Goals Of Diabetes Treatment
- To keep the blood sugar as normal as possible without serious high or low blood sugars
- To prevent tissue damage caused by too much sugar in the blood stream
Normal ranges for blood sugar
People who don’t have diabetes or pre-diabetes keep their blood sugars between 60 – 100 mg/dl overnight and before meals, and less than 140 mg/dl after meals. Although the ultimate goal of diabetes management is to return the blood sugar to the natural or non-diabetic level, this may be difficult without excessive low blood sugars or hypoglycemia.
What are the blood sugar (glucose) targets for diabetes?

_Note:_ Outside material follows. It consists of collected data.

(* Let $A=(a_0,\dots,a_r)$ be a complex $(c+1)\times(r+1)$ matrix of full rank with pairwise linearly independent columns. Then there exists a unique (up to order of summands) decomposition $\mathbb{C}^{c+1}=V_1\oplus\dots\oplus V_t$ into nonzero linear subspaces such that: (i) for each $0\le i\le r$ there is $j(i)\in\{1,\dots,t\}$ with $a_i\in V_{j(i)}$; (ii) whenever $\mathbb{C}^{c+1}=V'_1\oplus\dots\oplus V'_s$ is any decomposition into linear subspaces satisfying (i), then for every $1\le i\le t$ there is $1\le j\le s$ with $V_i\subseteq V'_j$. *)

From mathcomp Require Import all_boot all_algebra complex.
From mathcomp Require Import Rstruct.
Set Implicit Arguments. Unset Strict Implicit. Unset Printing Implicit Defensive.
Import GRing.Theory.
Local Open Scope ring_scope.

Definition Cplx : numClosedFieldType := (Rdefinitions.R)[i].

Notation Cvec c := 'cV[Cplx]_(c.+1).

Definition is_direct_decomp (c t : nat) (V : 'I_t -> {vspace Cvec c}) : Prop :=
  directv (\sum_(i < t) V i)%VS /\ (\sum_(i < t) V i)%VS = fullv.

Definition cols_adapted (c r t : nat) (A : 'M[Cplx]_(c.+1, r.+1))
    (V : 'I_t -> {vspace Cvec c}) : Prop :=
  forall i : 'I_r.+1, exists j : 'I_t, col i A \in V j.

Definition finest_adapted_decomp (c r t : nat) (A : 'M[Cplx]_(c.+1, r.+1))
    (V : 'I_t -> {vspace Cvec c}) : Prop :=
  [/\ is_direct_decomp V,
      (forall j, V j != 0%VS),
      cols_adapted A V &
      (forall (s : nat) (W : 'I_s -> {vspace Cvec c}),
          is_direct_decomp W -> cols_adapted A W ->
          forall i : 'I_t, exists j : 'I_s, (V i <= W j)%VS)].

(* Call a decomposition adapted to A column-spanned when each summand is
   spanned by the columns it contains; the trivial decomposition is one because
   A has full rank.  If a summand V_i of a column-spanned decomposition lies in
   no summand of some adapted decomposition W, pick a nonzero column of V_i and
   the summand W_j containing it: the columns of V_i inside and outside W_j span
   two nonzero subspaces, independent because W is direct, and replacing V_i by
   them gives a column-spanned decomposition with one more summand.  A direct
   sum has at most c+1 nonzero summands, so this refinement stops at a finest
   decomposition.  Two finest decompositions refine each other, and a nonzero
   summand of a direct sum lies in no other summand, so the two refinement maps
   are mutually inverse bijections matching equal summands. *)

From mathcomp Require Import all_boot all_algebra complex.
From mathcomp Require Import Rstruct.
From mathcomp Require Import zify.
Set Implicit Arguments. Unset Strict Implicit. Unset Printing Implicit Defensive.
Import GRing.Theory.
Local Open Scope ring_scope.

Definition split_at (T : Type) t (V : 'I_t -> T) (i : 'I_t) (x y : T)
    (k : 'I_t.+1) : T :=
  if unlift ord0 k is Some k' then (if k' == i then x else V k') else y.

Section SplitAt.
Variables (T : Type) (t : nat) (V : 'I_t -> T) (i : 'I_t) (x y : T).

Lemma split_at0 : split_at V i x y ord0 = y.
Proof. by rewrite /split_at unlift_none. Qed.

Lemma split_at_lift k : split_at V i x y (lift ord0 k) = if k == i then x else V k.
Proof. by rewrite /split_at liftK. Qed.

Lemma split_atP (P : T -> Prop) :
  P x -> P y -> (forall k, P (V k)) -> forall k, P (split_at V i x y k).
Proof.
move=> Px Py PV k; case: (unliftP ord0 k) => [k' ->|->].
  by rewrite split_at_lift; case: eqP.
by rewrite split_at0.
Qed.

Lemma big_split_at (R : Type) (idx : R) (op : Monoid.com_law idx) (F : T -> R) :
  \big[op/idx]_k F (split_at V i x y k)
    = op (F y) (op (F x) (\big[op/idx]_(k | k != i) F (V k))).
Proof.
rewrite big_ord_recl split_at0 (bigD1 i) //= split_at_lift eqxx.
by congr (op _ (op _ _)); apply: eq_bigr => k ki; rewrite split_at_lift (negPf ki).
Qed.

End SplitAt.

Section Decompositions.
Variables (K : fieldType) (vT : vectType K).

Lemma directv_sub_eq0 (I : finType) (V : I -> {vspace vT}) i k :
  directv (\sum_j V j) -> k != i -> (V i <= V k)%VS -> V i = 0%VS.
Proof.
move=> /directv_sumP dxV ki sVik; apply/eqP.
by rewrite -subv0 -(dxV i isT) subv_cap subvv; apply: (sumv_sup k).
Qed.

Lemma card_le_dim_directv (I : finType) (V : I -> {vspace vT}) :
  directv (\sum_i V i) -> (forall i, V i != 0%VS) -> (#|I| <= dim vT)%N.
Proof.
rewrite directvE /= => /eqP dimV nzV.
rewrite -sum1_card -dimvf (leq_trans _ (dimvS (subvf (\sum_i V i)))) // dimV.
by apply: leq_sum => i _; rewrite lt0n dimv_eq0 nzV.
Qed.

Lemma directv_mutual_refinement (I J : finType)
    (V : I -> {vspace vT}) (W : J -> {vspace vT}) :
  directv (\sum_i V i) -> directv (\sum_j W j) ->
  (forall i, V i != 0%VS) -> (forall j, W j != 0%VS) ->
  (forall i, exists j, (V i <= W j)%VS) -> (forall j, exists i, (W j <= V i)%VS) ->
  exists f : I -> J, bijective f /\ forall i, W (f i) = V i.
Proof.
move=> dxV dxW nzV nzW /fin_all_exists[f sVW] /fin_all_exists[g sWV].
have fK : cancel f g.
  move=> i; apply/eqP; apply: contraT => gfi; case/negP: (nzV i); apply/eqP.
  exact: directv_sub_eq0 dxV gfi (subv_trans (sVW i) (sWV (f i))).
have gK : cancel g f.
  move=> j; apply/eqP; apply: contraT => fgj; case/negP: (nzW j); apply/eqP.
  exact: directv_sub_eq0 dxW fgj (subv_trans (sWV j) (sVW (g j))).
exists f; split; first exact: Bijective fK gK.
by move=> i; apply: subv_anti; rewrite sVW andbT -{2}(fK i) sWV.
Qed.

Lemma sumv_split_at t (V : 'I_t -> {vspace vT}) i X Y :
  (X + Y = V i)%VS -> (\sum_k split_at V i X Y k = \sum_k V k)%VS.
Proof.
move=> defVi; rewrite (big_split_at _ _ _ _ _ id) [RHS](bigD1 i) //= -defVi.
by rewrite addvA [(Y + X)%VS]addvC.
Qed.

Lemma directv_split_at t (V : 'I_t -> {vspace vT}) i X Y :
  (X + Y = V i)%VS -> (X :&: Y = 0)%VS -> directv (\sum_k V k) ->
  directv (\sum_k split_at V i X Y k).
Proof.
move=> defVi dxXY; rewrite !directvE /= sumv_split_at //.
rewrite big_split_at [X in _ == X](bigD1 i) //= -defVi dimv_disjoint_sum //.
by rewrite addnCA addnA.
Qed.

Section Subspans.
Variables (I : finType) (a : I -> vT).

Definition subspan (P : pred I) : {vspace vT} := (\sum_(i | P i) <[a i]>)%VS.

Definition spanned (U : {vspace vT}) := (U <= subspan [pred i | a i \in U])%VS.

Definition cut_span (U : {vspace vT}) (Q : {set I}) :=
  subspan [pred i | (a i \in U) && (i \in Q)].
Definition proper_cut (U : {vspace vT}) (Q : {set I}) :=
  [&& cut_span U Q != 0%VS, cut_span U (~: Q) != 0%VS
    & cut_span U Q :&: cut_span U (~: Q) == 0]%VS.

Lemma mem_subspan (P : pred I) i : P i -> a i \in subspan P.
Proof. by move=> Pi; rewrite memvE; apply: (sumv_sup i). Qed.

Lemma subspan_sub (P : pred I) (U : {vspace vT}) :
  (forall i, P i -> a i \in U) -> (subspan P <= U)%VS.
Proof. by move=> PU; apply/subv_sumP => i /PU; rewrite -memvE. Qed.

Lemma spanned_subspan (P : pred I) : spanned (subspan P).
Proof. by apply: subspan_sub => i Pi; apply: mem_subspan; apply: mem_subspan. Qed.

Lemma cut_spanE (U : {vspace vT}) (Q : {set I}) :
  spanned U -> (cut_span U Q + cut_span U (~: Q) = U)%VS.
Proof.
move=> spU; apply: subv_anti; rewrite subv_add !subspan_sub; last 2 first.
- by move=> i /andP[].
- by move=> i /andP[].
apply: subv_trans spU _; rewrite /subspan (bigID (mem Q)) /=.
by apply: addvS; apply: subspan_sub => i /andP[Ui Qi];
  apply: mem_subspan; rewrite /= Ui ?inE.
Qed.

Lemma spanned_neq0 (U : {vspace vT}) :
  spanned U -> U != 0%VS -> exists2 i, a i \in U & a i != 0.
Proof.
move=> spU nzU.
have [/existsP[i /andP[Ui nzi]]|/existsPn none] :=
  boolP [exists i, (a i \in U) && (a i != 0)]; first by exists i.
case/negP: nzU; rewrite -subv0; apply: subv_trans spU (subspan_sub _) => i /= Ui.
by have := none i; rewrite Ui memv0 negbK.
Qed.

Lemma cut_summand_disjoint (J : finType) (W : J -> {vspace vT}) U j0 :
  directv (\sum_j W j) -> (forall i, exists j, a i \in W j) ->
  let Q := [set i | a i \in W j0] in (cut_span U Q :&: cut_span U (~: Q) = 0)%VS.
Proof.
move=> /directv_sumP dxW adW /=; apply/eqP.
rewrite -subv0 -(dxW j0 isT) capvS ?subspan_sub // => i /andP[_]; rewrite !inE //.
move=> Wi; have [j Wj] := adW i; rewrite memvE; apply: (sumv_sup j).
  by apply: contraNneq Wi => <-.
by rewrite -memvE.
Qed.

End Subspans.
End Decompositions.

Section ColumnDecompositions.
Variables (c r : nat) (A : 'M[Cplx]_(c.+1, r.+1)).
Local Notation cols := (fun i : 'I_r.+1 => col i A).

Definition col_spanned_decomp t (V : 'I_t -> {vspace Cvec c}) :=
  [/\ is_direct_decomp V, forall j, V j != 0%VS, cols_adapted A V
    & forall j, spanned cols (V j)].

Lemma cols_span_full : \rank A = c.+1 -> subspan cols predT = fullv.
Proof.
move=> rkA; apply/eqP; rewrite eqEsubv subvf; apply/subvP => v _.
have /row_freeP[B AB] : row_free A by rewrite /row_free rkA.
have -> : v = \sum_i (B *m v) i 0 *: col i A.
  apply: trmx_inj; rewrite -[v in LHS]mul1mx -AB -mulmxA trmx_mul mulmx_sum_row.
  by rewrite linear_sum; apply: eq_bigr => i _; rewrite linearZ /= tr_col mxE.
by apply: rpred_sum => i _; apply/rpredZ/mem_subspan.
Qed.

Lemma col_spanned_decomp_full :
  \rank A = c.+1 -> col_spanned_decomp (fun _ : 'I_1 => fullv).
Proof.
move=> rkA; split.
- by split; rewrite ?directvE /= !big_ord1.
- by move=> _; rewrite -dimv_eq0 dimvf.
- by move=> i; exists ord0; rewrite memvf.
- move=> _; rewrite /spanned -{1}(cols_span_full rkA).
  by apply: subspan_sub => i _; apply/mem_subspan/memvf.
Qed.

Lemma col_spanned_decomp_split t (V : 'I_t -> {vspace Cvec c}) i Q :
  col_spanned_decomp V -> proper_cut cols (V i) Q ->
  col_spanned_decomp
    (split_at V i (cut_span cols (V i) Q) (cut_span cols (V i) (~: Q))).
Proof.
case=> [[dxV sumV] nzV adV spV] /and3P[nzX nzY /eqP dxXY].
have defVi := cut_spanE Q (spV i).
split.
- by split; [apply: directv_split_at | rewrite sumv_split_at].
- exact: (split_atP _ (P := fun U => U != 0%VS)).
- move=> k; have [j] := adV k; have [-> Vik|ji Vjk] := eqVneq j i; last first.
    by exists (lift ord0 j); rewrite split_at_lift (negPf ji).
  have [Qk|Qk] := boolP (k \in Q).
    exists (lift ord0 i); rewrite split_at_lift eqxx.
    by apply: mem_subspan; rewrite /= Vik.
  by exists ord0; rewrite split_at0; apply: mem_subspan; rewrite /= Vik inE.
- by apply: (split_atP _ (P := spanned cols)) => //; apply: spanned_subspan.
Qed.

Lemma col_spanned_decomp_finest t (V : 'I_t -> {vspace Cvec c}) :
  col_spanned_decomp V -> (forall i Q, ~~ proper_cut cols (V i) Q) ->
  finest_adapted_decomp A V.
Proof.
case=> dV nzV adV spV noCut; split=> // s W [dxW _] adW i.
have [/existsP//|/existsPn notSub] := boolP [exists j, (V i <= W j)%VS].
have [k Vik nzk] := spanned_neq0 (spV i) (nzV i).
have [j0 Wk] := adW k.
set Q := [set m | col m A \in W j0].
have sXW : (cut_span cols (V i) Q <= W j0)%VS.
  by apply: subspan_sub => m /andP[_]; rewrite inE.
case/and3P: (noCut i Q); split.
- apply: contraNneq nzk => X0; rewrite -memv0 -X0.
  by apply: mem_subspan; rewrite /= Vik inE.
- apply: contraNneq (notSub j0) => Y0.
  by rewrite -(cut_spanE Q (spV i)) Y0 addv0.
- by apply/eqP; apply: cut_summand_disjoint.
Qed.

(* Being finest quantifies over all decompositions; it is decided here by the
   finitely many cuts of the summands along sets of columns. *)
Lemma col_spanned_decomp_finest_or_split t (V : 'I_t -> {vspace Cvec c}) :
  col_spanned_decomp V ->
  finest_adapted_decomp A V \/
  exists U : 'I_t.+1 -> {vspace Cvec c}, col_spanned_decomp U.
Proof.
move=> dV; have [/existsP[i /existsP[Q cutQ]]|/existsPn noCut] :=
  boolP [exists i, [exists Q, proper_cut cols (V i) Q]].
  by right; eexists; apply: col_spanned_decomp_split dV cutQ.
by left; apply: col_spanned_decomp_finest => // i; apply/existsPn/noCut.
Qed.

Lemma col_spanned_decomp_size t (V : 'I_t -> {vspace Cvec c}) :
  col_spanned_decomp V -> (t <= c.+1)%N.
Proof.
case=> [[dxV _] nzV _ _].
by have := card_le_dim_directv dxV nzV; rewrite card_ord dim_matrix mulr1.
Qed.

Lemma exists_finest_adapted_decomp :
  \rank A = c.+1 -> exists t (V : 'I_t -> {vspace Cvec c}), finest_adapted_decomp A V.
Proof.
move=> rkA.
suff /(_ c.+1 1%N _ (col_spanned_decomp_full rkA)) :
    forall n t (V : 'I_t -> {vspace Cvec c}),
    col_spanned_decomp V -> (c.+1 - t <= n)%N ->
    exists t (V : 'I_t -> {vspace Cvec c}), finest_adapted_decomp A V.
  by apply; rewrite leq_subr.
elim=> [|n IHn] t V dV le_n.
all: case: (col_spanned_decomp_finest_or_split dV) => [|[U dU]]; first by exists t, V.
- by have := col_spanned_decomp_size dU; lia.
- by apply: IHn U dU _; lia.
Qed.

End ColumnDecompositions.

Theorem lemma3p5 (c r : nat) (A : 'M[Cplx]_(c.+1, r.+1)) :
  \rank A = c.+1 ->
  (forall i j : 'I_r.+1, i != j -> free [:: col i A; col j A]) ->
  (exists (t : nat) (V : 'I_t -> {vspace 'cV[Cplx]_(c.+1)}),
      finest_adapted_decomp A V) /\
  (forall (t t' : nat) (V : 'I_t -> {vspace 'cV[Cplx]_(c.+1)})
          (W : 'I_t' -> {vspace 'cV[Cplx]_(c.+1)}),
      finest_adapted_decomp A V -> finest_adapted_decomp A W ->
      exists f : 'I_t -> 'I_t', bijective f /\ forall i, W (f i) = V i).
Proof.
move=> rkA _; split; first exact: exists_finest_adapted_decomp.
move=> t t' V W [dV nzV adV finV] [dW nzW adW finW].
exact: directv_mutual_refinement (proj1 dV) (proj1 dW) nzV nzW
  (finV _ _ dW adW) (finW _ _ dV adV).
Qed.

The ADA recommendations are general guidelines and may be modified according to individual situations. Discuss with your medical provider what treatment goals are best for you. For example, if you are not taking any medications or your diabetes treatment doesn’t increase the risk of low blood sugars your provider may recommend that you keep your blood sugar in the normal range or closer to the normal range. Pregnant women or women thinking about getting pregnant also have lower blood glucose targets.
When you have diabetes and are treated with insulin replacement therapy or medications that increase insulin release from your pancreas, the insulin levels in your blood stream are imperfectly matched to how much insulin you actually need and there is always a risk of having too much insulin effect. Too much insulin effect can cause a low blood sugar or hypoglycemia. To minimize this risk, your provider may recommend that you target higher blood sugars such as a pre-meal blood sugar of 90-130 mg/dl and post meal blood sugar of less than 180 mg/dl.
American Diabetes Association Recommendations
|Before Meal Glucose Level||70-130 mg/dl|
|After Meal Glucose Level||< 180 mg/dl|
*Hemoglobin (A1c) is a measure of your average blood glucose control over the previous 3 months. Think of the A1c as a long-term blood glucose measure that changes very gradually.